Direito do Consumidor – Tribunal mantém multa aplicada pelo Procon a fabricante de desodorantes

Embalagem dificulta compreensão de informações obrigatórias.

 

A 3ª Câmara de Direito Público do Tribunal de Justiça de São Paulo manteve multa aplicada pela Fundação de Proteção e Defesa do Consumidor de São Paulo (Procon/SP) a uma empresa fabricante de desodorante por infração ao dever de informação ao consumidor.
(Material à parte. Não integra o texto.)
Lemma nat_fun_repeat (T : finType) (f : nat -> T) :
  exists i j, (i < j)%N /\ f i = f j.
Proof.
have : ~~ injectiveb (fun k : 'I_#|T|.+1 => f k).
  by apply/negP => /injectiveP /leq_card; rewrite card_ord ltnn.
case/injectivePn => i [j] ij fij.
case: (ltngtP i j) => [ij'|ji|/val_inj eij]; first by exists i, j.
  by exists j, i.
by rewrite eij eqxx in ij.
Qed.

Lemma Dsign_mulmx (R : realType) n (x w : 'cV[R]_n) i :
  (Dsign x *m w) i 0 = Num.sg (x i 0) * w i 0.
Proof.
rewrite mxE (bigD1 i) //= !mxE eqxx mul1r big1 ?addr0 // => j ji.
by rewrite !mxE eq_sym (negbTE ji) !mul0r.
Qed.

Lemma Dsign_mulmx_self (R : realType) n (x : 'cV[R]_n) : Dsign x *m x = abs_mx x.
Proof. by apply/matrixP => i j; rewrite (ord1 j) Dsign_mulmx mxE normrEsg. Qed.

Lemma normr_Dsign_mulmx_le (R : realType) n (x w : 'cV[R]_n) i :
  `|(Dsign x *m w) i 0| <= `|w i 0|.
Proof.
by rewrite Dsign_mulmx normrM normr_sg; case: (_ != 0); rewrite ?mul1r ?mul0r.
Qed.

Lemma normr_sgrM_sub_le (R : realDomainType) (a a' b : R) :
  `|Num.sg a * a' - Num.sg b * a| <= `|a' - a| + 2 * `|a - b|.
Proof.
have := ler_norm (a' - a); have := ler_norm (a - b).
have := ler_norm (- (a' - a)); have := ler_norm (- (a - b)).
rewrite !normrN ler_norml.
by case: (ltrgt0P a) => a0; case: (ltrgt0P b) => b0; try subst;
  rewrite ?sgr0 ?(gtr0_sg a0) ?(ltr0_sg a0) ?(gtr0_sg b0) ?(ltr0_sg b0) => *;
  apply/andP; split; lra.
Qed.

Definition sign_pattern (R : realType) n (x : 'cV[R]_n) :
  {ffun 'I_n -> bool * bool} :=
  [ffun i => (0 < x i 0, x i 0 < 0)].

Lemma Dsign_sign_pattern (R : realType) n (x y : 'cV[R]_n) :
  sign_pattern x = sign_pattern y -> Dsign x = Dsign y.
Proof.
move=> /ffunP xy; apply/matrixP => i j; rewrite !mxE; congr (_ * _).
move: (xy i); rewrite !ffunE => -[].
by case: (ltrgt0P (x i 0)) => xi; case: (ltrgt0P (y i 0)) => yi //= _ _;
  rewrite ?xi ?yi ?sgr0 ?(gtr0_sg xi) ?(ltr0_sg xi) ?(gtr0_sg yi) ?(ltr0_sg yi).
Qed.

Section GeneralizedNewton.
Variables (R : realType) (n : nat) (A : 'M[R]_n) (v : 'cV[R]_n) (c : R).
Hypotheses (A_unit : A \in unitmx) (v_gt0 : forall i, 0 < v i 0).
Hypotheses (c_ge0 : 0 <= c) (c_lt : c < 1 / 3).
Hypothesis absinvA_v : forall i, (abs_mx (invmx A) *m v) i 0 <= c * v i 0.

Let c_lt1 : c < 1. Proof. by move: c_lt; lra. Qed.

Lemma unitmx_sub_Dsign (x : 'cV[R]_n) : A - Dsign x \in unitmx.
Proof.
apply: contraT; rewrite unitmxE unitfE negbK -det_tr => /det0P [u u_neq0 uA].
have u_eq : u^T = invmx A *m (Dsign x *m u^T).
  have : A *m u^T = Dsign x *m u^T.
    apply/eqP; rewrite -subr_eq0 -mulmxBl.
    by rewrite -[X in X == 0]trmxK trmx_mul trmxK uA trmx0.
  by move=> <-; rewrite mulKmx.
have := invmx_contract_eq0 v_gt0 c_ge0 absinvA_v c_lt1 u_eq
  (normr_Dsign_mulmx_le x u^T).
by move/eqP; rewrite trmx_eq0 (negbTE u_neq0).
Qed.

Lemma abs_eq_sol_uniq (b y1 y2 : 'cV[R]_n) :
  A *m y1 - abs_mx y1 = b -> A *m y2 - abs_mx y2 = b -> y1 = y2.
Proof.
move=> y1_sol y2_sol; apply/eqP; rewrite -subr_eq0; apply/eqP.
apply: (invmx_contract_eq0 v_gt0 c_ge0 absinvA_v c_lt1 (y := abs_mx y1 - abs_mx y2)).
- apply/(canRL (mulKmx A_unit)); rewrite mulmxBr.
  rewrite -[A *m y1](subrK (abs_mx y1)) -[A *m y2](subrK (abs_mx y2)).
  by rewrite y1_sol y2_sol opprD addrACA subrr add0r.
- by move=> j; rewrite !mxE ler_dist_dist.
Qed.

Variables b x0 : 'cV[R]_n.
Local Notation x := (gen_newton A b x0).
Local Notation err k := (wnorm v (x k.+1 - x k)).

Lemma gen_newton_eq k : A *m x k.+1 - Dsign (x k) *m x k.+1 = b.
Proof. by rewrite -mulmxBl /= mulmxA mulmxV ?mul1mx // unitmx_sub_Dsign. Qed.

Lemma gen_newton_err_contract k : err k.+1 * (1 - c) <= c * (2 * err k).
Proof.
have step : x k.+2 - x k.+1 =
    invmx A *m (Dsign (x k.+1) *m x k.+2 - Dsign (x k) *m x k.+1).
  apply/(canRL (mulKmx A_unit)); rewrite mulmxBr.
  rewrite -[A *m x k.+2](subrK (Dsign (x k.+1) *m x k.+2)).
  rewrite -[A *m x k.+1](subrK (Dsign (x k) *m x k.+1)) !gen_newton_eq.
  by rewrite opprD addrACA subrr add0r.
apply: (wnorm_invmx_contract v_gt0 c_ge0 absinvA_v _ step) => [|j].
  by rewrite mulr_ge0 // wnorm_ge0.
have -> : (Dsign (x k.+1) *m x k.+2 - Dsign (x k) *m x k.+1) j 0 =
    Num.sg (x k.+1 j 0) * x k.+2 j 0 - Num.sg (x k j 0) * x k.+1 j 0.
  by rewrite -!Dsign_mulmx !mxE.
have := normr_le_wnorm v_gt0 (x k.+1 - x k) j.
rewrite !mxE => err_j.
by apply: le_trans (normr_sgrM_sub_le _ _ _) _; lra.
Qed.

Lemma gen_newton_err_nonincr k : err k.+1 <= err k.
Proof.
have err_ge0 := wnorm_ge0 v (x k.+1 - x k).
have : 2 * c * err k <= (1 - c) * err k by rewrite ler_wpM2r //; move: c_lt; lra.
have := gen_newton_err_contract k; have := wnorm_ge0 v (x k.+2 - x k.+1).
by move: c_lt; nra.
Qed.

Lemma gen_newton_err_le k l : (k <= l)%N -> err l <= err k.
Proof.
move/subnKC <-; elim: (l - k)%N => [|p IHp]; first by rewrite addn0.
by rewrite addnS; apply: le_trans (gen_newton_err_nonincr _) IHp.
Qed.

Lemma gen_newton_succ_sign_pattern k l :
  sign_pattern (x k) = sign_pattern (x l) -> x k.+1 = x l.+1.
Proof. by move/Dsign_sign_pattern => /= ->. Qed.

(* Two iterates with the same sign pattern have the same successors, so the
   errors after them agree; with a strict contraction this forces a zero step. *)
Lemma gen_newton_stationary : exists K, x K.+1 = x K.
Proof.
have [J [L [JL xJL]]] := nat_fun_repeat (fun k => sign_pattern (x k)).
have x1 := gen_newton_succ_sign_pattern xJL.
have x2 : x J.+2 = x L.+2 by apply: gen_newton_succ_sign_pattern; rewrite x1.
have err_eq : err J.+1 = err L.+1 by rewrite x1 x2.
have err_le : err J.+1 <= err J.+2 by rewrite err_eq gen_newton_err_le.
have := gen_newton_err_contract J.+1; have := wnorm_ge0 v (x J.+2 - x J.+1).
move=> err_ge0 contract; exists J.+1.
apply/eqP; rewrite -subr_eq0; apply/eqP/(wnorm_le0 v_gt0).
by move: c_lt; nra.
Qed.

Lemma gen_newton_stationary_sol :
  exists K, A *m x K - abs_mx (x K) = b /\ forall k, (K <= k)%N -> x k = x K.
Proof.
have [K xK] := gen_newton_stationary.
have x_const p : x (K + p)%N = x K.
  elim: p => [|p IHp]; first by rewrite addn0.
  by rewrite addnS -xK; apply: gen_newton_succ_sign_pattern; rewrite IHp.
exists K; split; last by move=> k /subnKC <-.
by rewrite -Dsign_mulmx_self -{1 3}xK gen_newton_eq.
Qed.

End GeneralizedNewton.

Theorem theorem3p7 (R : realType) (n : nat) (A : 'M[R]_n) :
  A \in unitmx ->
  spectral_radius (abs_mx (invmx A)) < 1 / 3 ->
  forall b x0 : 'cV[R]_n,
    (forall k : nat, A - Dsign (gen_newton A b x0 k) \in unitmx) /\
    exists2 xs : 'cV[R]_n,
      (A *m xs - abs_mx xs = b /\
       forall y : 'cV[R]_n, A *m y - abs_mx y = b -> y = xs) &
      forall i : 'I_n, (fun k => gen_newton A b x0 k i 0) @ \oo --> xs i 0.
Proof.
move=> A_unit rho_lt b x0.
have absinvA_ge0 : nonneg_mx (abs_mx (invmx A)) by move=> i j; rewrite mxE.
have [c [c_gt0 c_lt [v v_gt0 absinvA_v]]] :=
  spectral_radius_subinvariant absinvA_ge0 (ltac:(lra) : 0 < 1 / 3) rho_lt.
have c_ge0 := ltW c_gt0.
have unit_sub := unitmx_sub_Dsign A_unit v_gt0 c_ge0 c_lt absinvA_v.
have sol_uniq := abs_eq_sol_uniq A_unit v_gt0 c_ge0 c_lt absinvA_v.
have [K [K_sol K_const]] :=
  gen_newton_stationary_sol A_unit v_gt0 c_ge0 c_lt absinvA_v b x0.
split=> [k|]; first exact: unit_sub.
exists (gen_newton A b x0 K).
  by split=> // y y_sol; apply: sol_uniq y_sol K_sol.
by move=> i; apply: cvg_near_cst; exists K => // k /= Kk; rewrite K_const.
Qed.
De acordo com a decisão, o texto do rótulo foi impresso com tamanho de letra e espaçamento inadequados, a ponto de dificultar a compreensão, “configurando falta de ostensividade”.

Segundo o relator da apelação, desembargador Marrey Uint, “a informação clara e adequada sobre os produtos e serviços é direito básico do consumidor”. “O artigo 31 do Código de Defesa do Consumidor preceitua que toda oferta e apresentação de produtos e serviços devem assegurar informações corretas, claras, precisas e ostensivas, sobre todas suas características (preço, validade, qualidade, etc.)”, escreveu o magistrado em seu voto. Ao analisar o produto, o relator chegou à conclusão de que “efetivamente há dificuldade de visibilidade e de leitura do texto, principalmente quando o fundo é em preto e a letra em branco”.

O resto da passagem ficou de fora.